Division of Biotechnology, The Catholic University of Korea, Wonmi-gu, Bucheon-si, Gyeonggi-do, Republic of Korea.
Colloids Surf B Biointerfaces. 2010 Jun 15;78(1):120-6. doi: 10.1016/j.colsurfb.2010.02.023. Epub 2010 Feb 26.
In this study, a novel pH-responsive nanogel composed of glycol chitosan (GCS) grafted with functional 3-diethylaminopropyl (DEAP) groups (denoted as GCS-g-DEAP hereafter) was fabricated. The GCS-g-DEAP was designed to have a self-assembled arrangement consisting of hydrophilic block (GCS) and hydrophobic block (DEAP) at physiological pH. As the pH decreased to tumor extracellular pH (pH(e)), the nanogel was destabilized due to the protonation of DEAP. The pH-responsive property of the nanogel at tumor extracellular pH (pH(e)) was characterized in drug-release kinetic studies. The release of doxorubicin (DOX) from DOX-loaded nanogels was significantly accelerated at lower pH values, which allowed for increased DOX uptake by non-small lung carcinoma A546 cells under a slightly acidic pH condition, as in tumor pH(e).

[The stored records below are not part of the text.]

(* Near xb the solution set S is the translate xb + K of a closed cone, so
   T(S, xb) = K.  If d(x, S) <= tau (d(yb, F x) + d(x, A)) near xb, then
   approximating (u, v) in T(gph F) and w in T(A) by points of gph F and A
   reached with a common small step t turns this estimate into
   d(u, K) <= tau (|v| + |u - w|), which gives the tangential inclusion for
   every eta <= 1/tau.  Conversely, let the inclusion hold for eta and let
   0 < eta' < eta.  For y in F x and a in A, convexity puts s (x - xb), with
   s = eta'/(|yb - y| + |x - a|), into
   DF^{-1}(yb, xb)(s |y - yb| B) and into T(A, xb) + s |x - a| B; the
   inclusion splits it as w + b with w in K and |b| <= 1, and xb + w/s is a
   point of S within 1/s of x.  Hence the admissible moduli tau and the
   admissible eta are reciprocal to each other. *)

Section Contingent.
Variables (R : realType) (V : normedModType R).

Lemma contingent_of_segment (C : set V) c v t0 :
  0 < t0 -> (forall t, 0 < t -> t <= t0 -> C (c + t *: v)) -> contingent C c v.
Proof.
move=> t0_gt0 Cseg; exists (fun=> v), (fun n => t0 * n.+1%:R^-1).
split; first exact: cvg_cst.
split.
  by rewrite -(mulr0 t0); apply: cvgM; [exact: cvg_cst | exact: cvg_harmonic].
have tn_gt0 n : 0 < t0 * n.+1%:R^-1 by rewrite mulr_gt0 // invr_gt0 ltr0Sn.
split=> // n; apply: Cseg => //.
by rewrite ler_piMr ?(ltW t0_gt0) // invf_le1 ?ltr0Sn // ler1n.
Qed.

Lemma contingent_approx (C : set V) c v eps t0 :
  contingent C c v -> 0 < eps -> 0 < t0 ->
  exists t vt, [/\ 0 < t, t < t0, `|v - vt| < eps & C (c + t *: vt)].
Proof.
move=> [vn [tn [vn_v [tn_0 [tn_gt0 Cn]]]]] eps_gt0 t0_gt0.
have [n [vn_near tn_near]] : exists n, `|v - vn n| < eps /\ `|0 - tn n| < t0.
  by apply: (@filter_ex _ \oo); near=> n; split; near: n; exact: cvgr_dist_lt.
exists (tn n), (vn n); split => //.
by rewrite sub0r normrN gtr0_norm in tn_near.
Unshelve. all: by end_near.
Qed.

End Contingent.

Section ConvexContingent.
Variables (R : realType) (M : normedModType R) (C : set (convex_lmodType M)).
Hypothesis C_convex : convex_set C.

Lemma convex_segment (c0 v : M) t1 t :
  C c0 -> C (c0 + t1 *: v) -> 0 < t -> t <= t1 -> C (c0 + t *: v).
Proof.
move=> Cc0 Cc1 t_gt0 t_le.
have t1_gt0 : 0 < t1 by apply: lt_le_trans t_le.
have l0 : 0 <= t / t1 by rewrite divr_ge0 // ltW.
have l1 : t / t1 <= 1 by rewrite ler_pdivrMr // mul1r.
have := C_convex (Itv01 l0 l1) (mem_set Cc1) (mem_set Cc0); rewrite inE.
suff -> : conv (Itv01 l0 l1) ((c0 + t1 *: v) : convex_lmodType M) c0
  = c0 + t *: v :> M by [].
rewrite /conv /= /unstable.onem scalerDr scalerA mulfVK ?gt_eqF // scalerBl.
by rewrite scale1r addrAC [_ *: c0 + (c0 - _)]addrC subrK.
Qed.

Lemma contingent_convex (c0 c : M) a :
  C c0 -> C c -> 0 < a -> contingent C c0 (a *: (c - c0)).
Proof.
move=> Cc0 Cc a_gt0; have ainv_gt0 : 0 < a^-1 by rewrite invr_gt0.
apply: (contingent_of_segment ainv_gt0) => t t_gt0 t_le.
apply: (convex_segment Cc0 _ t_gt0 t_le).
by rewrite scalerA mulVf ?gt_eqF // scale1r addrC subrK.
Qed.

Lemma contingent_convex_segment (c0 w : M) eps :
  C c0 -> contingent C c0 w -> 0 < eps ->
  exists t1 w1, [/\ 0 < t1, `|w - w1| < eps &
    forall t, 0 < t -> t <= t1 -> C (c0 + t *: w1)].
Proof.
move=> Cc0 Tw eps_gt0.
have [t1 [w1 [t1_gt0 _ w_near Cw1]]] := contingent_approx Tw eps_gt0 ltr01.
by exists t1, w1; split=> // t; exact: convex_segment.
Qed.

End ConvexContingent.

Section Distance.
Variable R : realType.
Local Open Scope ereal_scope.

Lemma edist_le_norm (V : normedModType R) (C : set V) x c :
  C c -> Defs.edist x C <= (`|x - c|)%:E.
Proof. by move=> Cc; apply: ereal_inf_lbound; exists c. Qed.

Lemma edist_ge0 (V : normedModType R) (C : set V) x : 0 <= Defs.edist x C.
Proof. by apply: le_ereal_inf_tmp => _ [c _ <-]; rewrite lee_fin. Qed.

Lemma edist_lt (V : normedModType R) (C : set V) x (r : R) :
  Defs.edist x C < r%:E -> exists2 c, C c & (`|x - c| < r)%R.
Proof. by move/ereal_inf_lt => [_ [c Cc <-]]; rewrite lte_fin; exists c. Qed.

在这项研究中,制备了一种由接枝了功能性 3-二乙氨基丙基(DEAP)基团的乙二醇壳聚糖(GCS)组成的新型 pH 响应性纳米凝胶(以下简称 GCS-g-DEAP)。GCS-g-DEAP 的设计具有在生理 pH 下由亲水嵌段(GCS)和疏水嵌段(DEAP)组成的自组装排列。当 pH 降低至肿瘤细胞外 pH 值(pH(e))时,由于 DEAP 的质子化,纳米凝胶不稳定。在药物释放动力学研究中,对纳米凝胶在肿瘤细胞外 pH 值(pH(e))下的 pH 响应特性进行了表征。在较低的 pH 值下,负载 DOX 的纳米凝胶中 DOX 的释放明显加快,这使得在略酸性 pH 条件下,非小细胞肺癌 A546 细胞对 DOX 的摄取增加,如在肿瘤 pH(e)下。